TL;DR
We built a quadruped robot from scratch, simulated it in PyBullet, and taught it to walk using a hill climber algorithm. In essence, this is what happens when you take two software engineers and throw them into a hardware project. Spoiler alert: it worked!
Project Overview & Motivation
When we started this project, I hadn't touched CAD software or a 3D printer before. My partner had a bit more experience, but it was definitely a learning experience. We wanted to see how far we could get learning mechanical engineering through a hands-on project.
The project came with some key constraints:
- Robot must use legged locomotion (no wheels allowed)
- Limited to 8 specific motors
- One designated battery type
- Must use an onboard Raspberry Pi
Given our limited mechanical engineering experience, we chose to build something we understood conceptually - a quadruped robot similar to Boston Dynamics' Spot, but obviously much simpler. This let us focus on learning the fundamental skills without getting lost in complex mechanical design.
Technical Implementation
Design & CAD
We started with ambitious plans - initially wanting to build a robotic horse archer with targeting systems and cool ML capabilities. Reality quickly set in, and we scaled back: first to a Nerf gun, then to a water cannon, and finally to just focusing on getting the basic robot to walk.
We ended up "forking" from an existing open-source quadruped robot project, adapting it for our specific motors and battery constraints. The main challenge was optimizing for lower weight while maintaining stability. We started in SolidWorks but switched to Fusion360 for better collaboration and laptop compatibility.
Parts & Assembly
This phase taught us a lot about hardware development bottlenecks. Long lead times for parts became a major constraint - for example, waiting a week for the correct length servo horn. We had several prints that either didn't fit the motors as intended or failed outright, each setback costing days of development time.
Key learning: Experience helps anticipate these setbacks. Precise CAD work, ordering backup parts, and structuring development to avoid single-part bottlenecks became crucial strategies.
Simulation
After accidentally pushing the motors beyond their limits and breaking a leg (oops), we shifted focus to simulation. We chose PyBullet for its simplicity and sufficiency for our needs.
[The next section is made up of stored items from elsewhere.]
Section Trajectories.
Variables (R : realType) (S A O I : finType).
Variables (mu : S -> R) (P : S -> A -> S -> R) (Obs : S -> O -> R).
Variable info : seq (O * A) -> O -> I.
Hypothesis mu_dist : is_dist mu.
Hypothesis P_dist : forall s a, is_dist (P s a).
Hypothesis Obs_dist : forall s, is_dist (Obs s).

(* What [history] would record at a further action time [n]. *)
Definition full_history n (o : {ffun 'I_n.+1 -> O}) (a : {ffun 'I_n -> A}) :=
  ([seq (o (widen_ord (leqnSn n) k), a k) | k <- enum 'I_n], o ord_max).

Lemma history_rcons_widen n (o : {ffun 'I_n.+1 -> O}) (a : {ffun 'I_n -> A}) y z
    (t : 'I_n) :
  history (ffun_rcons o y) (ffun_rcons a z) (widen_ord (leqnSn n) t) = history o a t.
Proof.
rewrite /history; congr pair; last exact: ffun_rcons_val.
rewrite enum_ordSr filter_rcons.
have -> : (nat_of_ord (@ord_max n) < widen_ord (leqnSn n) t)%N = false.
  by apply/negbTE; rewrite -leqNgt /= ltnW.
rewrite filter_map -map_comp; apply: eq_map => k /=.
by rewrite (ffun_rcons_val _ _ (j := widen_ord (leqnSn n) k)) // (ffun_rcons_val _ _ (j := k)).
Qed.

Lemma history_rcons_last n (o : {ffun 'I_n.+1 -> O}) (a : {ffun 'I_n -> A}) y z :
  history (ffun_rcons o y) (ffun_rcons a z) ord_max = full_history o a.
Proof.
rewrite /history /full_history; congr pair; last exact: ffun_rcons_val.
rewrite enum_ordSr filter_rcons /= ltnn filter_map -map_comp.
rewrite (all_filterP _); last by apply/allP => k _ /=.
apply: eq_map => k /=.
by rewrite (ffun_rcons_val _ _ (j := widen_ord (leqnSn n) k)) // (ffun_rcons_val _ _ (j := k)).
Qed.

Lemma traj_prob_rcons n (w : I -> A -> R) (s : {ffun 'I_n.+1 -> S})
    (o : {ffun 'I_n.+1 -> O}) (a : {ffun 'I_n -> A}) x y z :
  traj_prob mu P Obs info w (ffun_rcons s x) (ffun_rcons o y) (ffun_rcons a z) =
  traj_prob mu P Obs info w s o a * Obs x y *
  (w (info (full_history o a).1 (full_history o a).2) z * P (s ord_max) z x).
Proof.
rewrite /traj_prob [\prod_(t < n.+2) _]big_ord_recr.
rewrite [\prod_(t < n.+1) (w _ _ * _)]big_ord_recr.
rewrite (eq_bigr (fun t : 'I_n => w (info (history o a t).1 (history o a t).2) (a t) *
                   P (s (widen_ord (leqnSn n) t)) (a t) (s (lift ord0 t)))); last first.
  move=> t _; rewrite history_rcons_widen (ffun_rcons_val _ _ (j := t)) //.
  rewrite (ffun_rcons_val _ _ (j := widen_ord (leqnSn n) t)) //.
  by rewrite (ffun_rcons_val _ _ (j := lift ord0 t)) ?lift0.
rewrite (eq_bigr (fun i : 'I_n.+1 => Obs (s i) (o i))); last first.
  by move=> i _; rewrite (ffun_rcons_val _ _ (j := i)) // (ffun_rcons_val _ _ (j := i)).
rewrite !ffun_rcons_last history_rcons_last.
rewrite (ffun_rcons_val _ _ (i := ord0) (j := ord0)) //.
rewrite (ffun_rcons_val _ _ (i := widen_ord _ ord_max) (j := ord_max)) //.
have -> : lift ord0 (@ord_max n) = ord_max by apply/val_inj.
by rewrite ffun_rcons_last /=; ring.
Qed.

Definition traj_mass n (w : I -> A -> R) : R :=
  \sum_(s : {ffun 'I_n.+1 -> S}) \sum_(o : {ffun 'I_n.+1 -> O})
  \sum_(a : {ffun 'I_n -> A}) traj_prob mu P Obs info w s o a.

Lemma traj_mass0 w : traj_mass 0 w = 1.
Proof.
rewrite /traj_mass -(proj2 mu_dist) -(sum_ffun_ord1 mu).
apply: eq_bigr => s _; rewrite -[RHS]mulr1 -(proj2 (Obs_dist (s ord0))) mulr_sumr.
rewrite -(sum_ffun_ord1 (fun y => mu (s ord0) * Obs (s ord0) y)).
apply: eq_bigr => o _; rewrite /traj_prob.
under eq_bigr => a _ do rewrite big_ord1 big_ord0 mulr1.
by rewrite sumr_const card_ffun card_ord expn0.
Qed.

Lemma traj_mass_succ n w :
  traj_mass n.+1 w =
  \sum_(s : {ffun 'I_n.+1 -> S}) \sum_(o : {ffun 'I_n.+1 -> O})
  \sum_(a : {ffun 'I_n -> A}) traj_prob mu P Obs info w s o a *
    \sum_z w (info (full_history o a).1 (full_history o a).2) z.
Proof.
rewrite /traj_mass sum_ffun_rcons; apply: eq_bigr => s _.
under eq_bigr => x _ do rewrite sum_ffun_rcons.
rewrite exchange_big; apply: eq_bigr => o _.
under eq_bigr => x _ do under eq_bigr => y _ do rewrite sum_ffun_rcons.
under eq_bigr => x _ do under eq_bigr => y _ do under eq_bigr => a _ do
  under eq_bigr => z _ do rewrite traj_prob_rcons.
under eq_bigr => x _ do rewrite exchange_big.
rewrite exchange_big; apply: eq_bigr => a _.
set t := traj_prob _ _ _ _ _ _ _ _; set h := info _ _.
transitivity (\sum_x \sum_z t * (w h z * P (s ord_max) z x)).
  apply: eq_bigr => x _; rewrite exchange_big; apply: eq_bigr => z _.
  by rewrite -mulr_suml -mulr_sumr (proj2 (Obs_dist x)) mulr1.
rewrite exchange_big mulr_sumr; apply: eq_bigr => z _.
by rewrite -!mulr_sumr (proj2 (P_dist _ _)) mulr1.
Qed.

Section Kernels.
Variables w v : I -> A -> R.
Hypothesis w_ge0 : forall i b, 0 <= w i b.

Lemma traj_prob_ge0 n s o a : 0 <= traj_prob (n := n) mu P Obs info w s o a.
Proof.
rewrite /traj_prob !mulr_ge0 ?(proj1 mu_dist) //.
  by apply: prodr_ge0 => t _; apply: (proj1 (Obs_dist _)).
by apply: prodr_ge0 => t _; rewrite mulr_ge0 ?w_ge0 ?(proj1 (P_dist _ _)).
Qed.

Lemma traj_prob_le_kernel n s o a : (forall i b, w i b <= v i b) ->
  traj_prob (n := n) mu P Obs info w s o a <= traj_prob mu P Obs info v s o a.
Proof.
move=> w_le_v; rewrite /traj_prob; apply: ler_wpM2l.
  by rewrite mulr_ge0 ?(proj1 mu_dist) //; apply: prodr_ge0 => t _; apply: (proj1 (Obs_dist _)).
apply: ler_prod => t _; rewrite mulr_ge0 ?w_ge0 ?(proj1 (P_dist _ _)) //=.
by apply: ler_wpM2r; [exact: (proj1 (P_dist _ _)) | exact: w_le_v].
Qed.
Lemma comp_disjoint c1 c2 q : c1 \in IA r parent a -> c2 \in IA r parent a ->
  c1 != c2 -> q \in branch c1 -> q \in branch c2 -> False.
Proof.
move=> H1 H2 c12 Hq1 Hq2.
have q_a : q = a.
  exact: anc_antisym (common_anc_branches H1 H2 c12 Hq1 Hq2 (anc_refl q) (anc_refl q))
                     (comp_anc H1 Hq1).
wlog c1a : c1 c2 H1 H2 c12 Hq1 Hq2 / c1 != a.
  move=> W; case: (eqVneq c1 a) => [c1_a|c1a]; last exact: (W c1 c2).
  apply: (W c2 c1) => //; first by rewrite eq_sym.
  by rewrite -c1_a eq_sym.
move: Hq1; rewrite /Defs.comp (negPf c1a) inE q_a => c1_above_a.
have a_above_c1 : anc a c1 by rewrite -{1}(IA_parent H1 c1a) anc_parent.
by move: c1a; rewrite (anc_antisym c1_above_a a_above_c1) eqxx.
Qed.

Definition separated (X Y : {set V}) : Prop :=
  [/\ [disjoint X & Y], X \subset subtree parent a, Y \subset subtree parent a &
      forall u x y, x \in X -> y \in Y -> anc u x -> anc u y -> anc u a].

Lemma separatedS (X Y X' Y' : {set V}) :
  X' \subset X -> Y' \subset Y -> separated X Y -> separated X' Y'.
Proof.
move=> sX sY [dXY aX aY cXY]; split.
- exact: disjointWl sX (disjointWr sY dXY).
- exact: subset_trans sX aX.
- exact: subset_trans sY aY.
- by move=> u x y /(subsetP sX) Hx /(subsetP sY) Hy; apply: cXY.
Qed.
The simulation provided two key benefits:
- Safe environment for testing without breaking hardware
- Faster iteration on walking gaits (5 iterations per second, each testing 12 seconds of walking)
Getting our CAD model into PyBullet was surprisingly challenging. The URDF format requires careful handling of links and joints, and parallel drive mechanisms proved particularly tricky. We eventually found a script that could automatically convert properly formatted assemblies into URDF format.
Technical Implementation:
We implemented a hill climbing algorithm for gait optimization with the following key components:
- Gait parameters: frequency (ω), amplitude (a), phase offset (b), and vertical offset (c)
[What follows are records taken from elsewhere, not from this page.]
(* Let $t\ge1$ be an integer, $\varepsilon\in(0,\frac12)$, and $q=\frac{88t}{\varepsilon}$ (assumed to be an integer). Suppose $f:\{0,1\}^d\to\{0,1\}$ is $\varepsilon$-far from linear, and let $x_1,\dots,x_q$ be sampled uniformly and independently from $\{0,1\}^d$. Let $Y$ be the number of pairs $(i,j)\in[q]^2$ with $i<j$ such that $f(x_i)+f(x_j)\neq f(x_i\oplus x_j)$ (mod 2). Then $\Pr\big[Y\le\frac\varepsilon4\binom q2\big]\le 0.25$.
   Context: $\oplus$ denotes bitwise XOR. $f:\{0,1\}^d\to\{0,1\}$ is linear if there is $S\subseteq[d]$ with $f(x)=\sum_{i\in S}x[i]\bmod 2$; $f$ is $\varepsilon$-far from linear if it differs from every linear function on at least an $\varepsilon$ fraction of $\{0,1\}^d$. *)

From mathcomp Require Import all_boot all_order all_algebra.
Set Implicit Arguments. Unset Strict Implicit. Unset Printing Implicit Defensive.
Import Order.TTheory GRing.Theory Num.Theory.

Definition cube (d : nat) := {ffun 'I_d -> bool}.

Definition bxor (d : nat) (x y : cube d) : cube d := [ffun i => x i (+) y i].

Definition linfun (d : nat) (S : {set 'I_d}) (x : cube d) : bool :=
  \big[addb/false]_(i in S) x i.

Definition is_linear (d : nat) (f : cube d -> bool) : Prop :=
  exists S : {set 'I_d}, forall x, f x = linfun S x.

Local Open Scope ring_scope.

Definition frac_diff (R : numFieldType) (d : nat) (f g : cube d -> bool) : R :=
  #|[set x : cube d | f x != g x]|%:R / #|{: cube d}|%:R.

Definition far_from_linear (R : numFieldType) (eps : R) (d : nat)
  (f : cube d -> bool) : Prop :=
  forall g : cube d -> bool, is_linear g -> eps <= frac_diff R f g.

Definition violations (d q : nat) (f : cube d -> bool) (xs : 'I_q -> cube d) : nat :=
  #|[set p : 'I_q * 'I_q | (p.1 < p.2)%N &&
      ((f (xs p.1) (+) f (xs p.2)) != f (bxor (xs p.1) (xs p.2)))]|.

(* probability, under x_1..x_q uniform and independent on {0,1}^d
   (i.e. uniform over {ffun 'I_q -> cube d}), of an event *)
Definition prob_samples (R : numFieldType) (d q : nat)
  (E : pred {ffun 'I_q -> cube d}) : R :=
  #|[set xs : {ffun 'I_q -> cube d} | E xs]|%:R / #|{: {ffun 'I_q -> cube d}}|%:R.

From Pilot Require Import Defs.
From mathcomp Require Import all_boot all_order all_algebra.
From mathcomp Require Import ring lra.
Set Implicit Arguments. Unset Strict Implicit. Unset Printing Implicit Defensive.
Import Order.TTheory GRing.Theory Num.Theory.
Local Open Scope ring_scope.

(* Write N = 2^d, V for the number of pairs (x, y) of the cube on which the
   test f(x) + f(y) = f(x xor y) fails, and p = V / N^2 for the rejection
   probability of a single test.
   1. Fourier analysis over the cube (characters chi_S = (-1)^{linfun S}):
      orthogonality gives inversion and Parseval, and the BLR statistic
      sum_{x,y} (-1)^{f x + f y + f (x xor y)} equals N^-1 sum_S fhat(S)^3.
      Since every coefficient is at most (1 - 2 eps) N when f is eps-far from
      linear, this yields the BLR theorem p >= eps.
   2. Uniform independent samples: prescribing distinct coordinates of a
      uniform sample xs in T^q divides the count by |T| per coordinate, so
      the tests on two pairs of sample indices are independent as soon as the
      pairs are disjoint.
   3. Hence E[Y] = C(q,2) p and, since a pair overlaps at most 4q pairs,
      E[Y^2] <= (C(q,2) p)^2 + 4 q C(q,2) p.
   4. Chebyshev's inequality (in counting form) and the arithmetic
      q eps >= 88 bound Pr[Y <= eps/4 C(q,2)] by 1/4. *)

Section Characters.
Variables (R : comNzRingType) (d : nat).
Implicit Types (a b : bool) (x y : cube d) (S : {set 'I_d}) (f : cube d -> bool).

(* The +-1 encoding (-1)^b of a bit: it turns XOR into multiplication. *)
Definition sign b : R := if b then -1 else 1.

Lemma signD a b : sign (a (+) b) = sign a * sign b.
Proof. by case: a; case: b; rewrite /sign ?mulrN ?mulNr ?mulr1 ?opprK. Qed.

Lemma sign_sqr b : sign b * sign b = 1.
Proof. by case: b; rewrite /sign ?mulrNN mulr1. Qed.

Lemma sign_nat b : sign b = 1 - 2 * b%:R.
Proof. by case: b; rewrite /sign /= ?mulr0 ?subr0 // mulr1; ring. Qed.

Lemma linfun_bxor S x y : Defs.linfun S (bxor x y) = Defs.linfun S x (+) Defs.linfun S y.
Proof. by rewrite /Defs.linfun -big_split; apply: eq_bigr => i _; rewrite ffunE. Qed.

Definition chi S x : R := sign (Defs.linfun S x).

Lemma chi_prod S x : chi S x = \prod_(i in S) sign (x i).
Proof. exact: (big_morph sign signD). Qed.

Lemma chi_bxor S x y : chi S (bxor x y) = chi S x * chi S y.
Proof. by rewrite /chi linfun_bxor signD. Qed.
Lemma pairs_inf_many_ones x : inf_many_ones (pairs x).
Proof.
  intros N. destruct (x N) eqn:ExN.
  - exists (S (2 * N)). rewrite pairs_odd. split; [lia | exact ExN].
  - exists (2 * N). rewrite pairs_even, ExN. split; [lia | reflexivity].
Qed.

Lemma pairs_inj x y : pairs x = pairs y -> x = y.
Proof.
  intros H. apply functional_extensionality; intros i.
  rewrite <- (pairs_odd x i), <- (pairs_odd y i), H. reflexivity.
Qed.

(* preimage n u c: a word such that n applications of rho carry u ++ preimage n u c
   to rhol^n(u) ++ c. *)
Fixpoint preimage (n : nat) (u : list bool) (c : nat -> bool) : nat -> bool :=
  match n with
  | O => c
  | S n => pairs (xorw (Nat.odd (length u)) (preimage n (rhol u) c))
  end.

Lemma rho_preimage n u c :
  rho (wapp u (preimage (S n) u c)) = wapp (rhol u) (preimage n (rhol u) c).
Proof.
  simpl preimage. rewrite rho_wapp, rho_pairs by apply pairs_inf_many_ones. f_equal.
  apply functional_extensionality; intros i. unfold xorw.
  rewrite Bool.xorb_assoc, Bool.xorb_nilpotent. apply Bool.xorb_false_r.
Qed.

Lemma preimage_inj n : forall u c c', preimage n u c = preimage n u c' -> c = c'.
Proof.
  induction n as [|n IH]; simpl; intros u c c' H; [exact H |].
  apply pairs_inj in H. apply (IH (rhol u)).
  apply functional_extensionality; intros i.
  pose proof (f_equal (fun f => f i) H) as Hi. unfold xorw in Hi. simpl in Hi.
  destruct (preimage n (rhol u) c i), (preimage n (rhol u) c' i), (Nat.odd (length u));
    simpl in Hi; congruence.
Qed.

Lemma preimage_local n : forall u c c' m,
  (forall k, k <= m -> c k = c' k) -> preimage n u c m = preimage n u c' m.
Proof.
  induction n as [|n IH]; simpl; intros u c c' m Hcc'; [apply Hcc'; lia |].
  unfold pairs, xorw. rewrite (IH (rhol u) c c' (Nat.div2 m)); [reflexivity |].
  intros k Hk. apply Hcc'. pose proof (Nat.div2_decr m m (Nat.le_succ_diag_r m)). lia.
Qed.

(* rhol never lengthens a word, and shortens a nonempty one within two steps:
   a leading 1 becomes a leading 0, which is then deleted. *)
Lemma rhol_length u : length (rhol u) <= length u.
Proof. induction u as [|[|] u IH]; simpl; rewrite ?length_map; lia. Qed.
- Fixed simulation duration (10 seconds) with 0.5s settling time
- Fitness metric: forward distance traveled
- Parallel evaluation of multiple candidates per iteration
Each simulation run evaluates a candidate gait at 240 Hz simulation steps. We found that while longer simulation durations (20s+) provide more stable evaluations, they significantly increase computational cost. Our current implementation balances evaluation stability with iteration speed.
Walking Implementation
We implemented a simple hill climbing algorithm for gait optimization. The simulation environment let us test various parameters and gaits without risking the physical hardware. Full implementation details and code are available in our GitHub repository.
Results
[Coming soon! Videos and performance metrics of our robot in action.]
Discussion & Reflections
One key question we had was "How different is building a hardware project from a software project?" The answer: quite different in some ways. Many steps only make sense sequentially, and it's harder to break things into independent modules.
In software, you can typically parallelize work and get quick feedback (run the module, fix issues, repeat). Hardware development has longer feedback loops - you need the design before ordering parts, you need parts before testing assembly fit, and some issues only become apparent once you have physical components in hand.
What we wish we had: better ways to close the feedback loop sooner. Some of this might come from experience and better development processes, but it seems fundamental to hardware development that some things just take time to validate.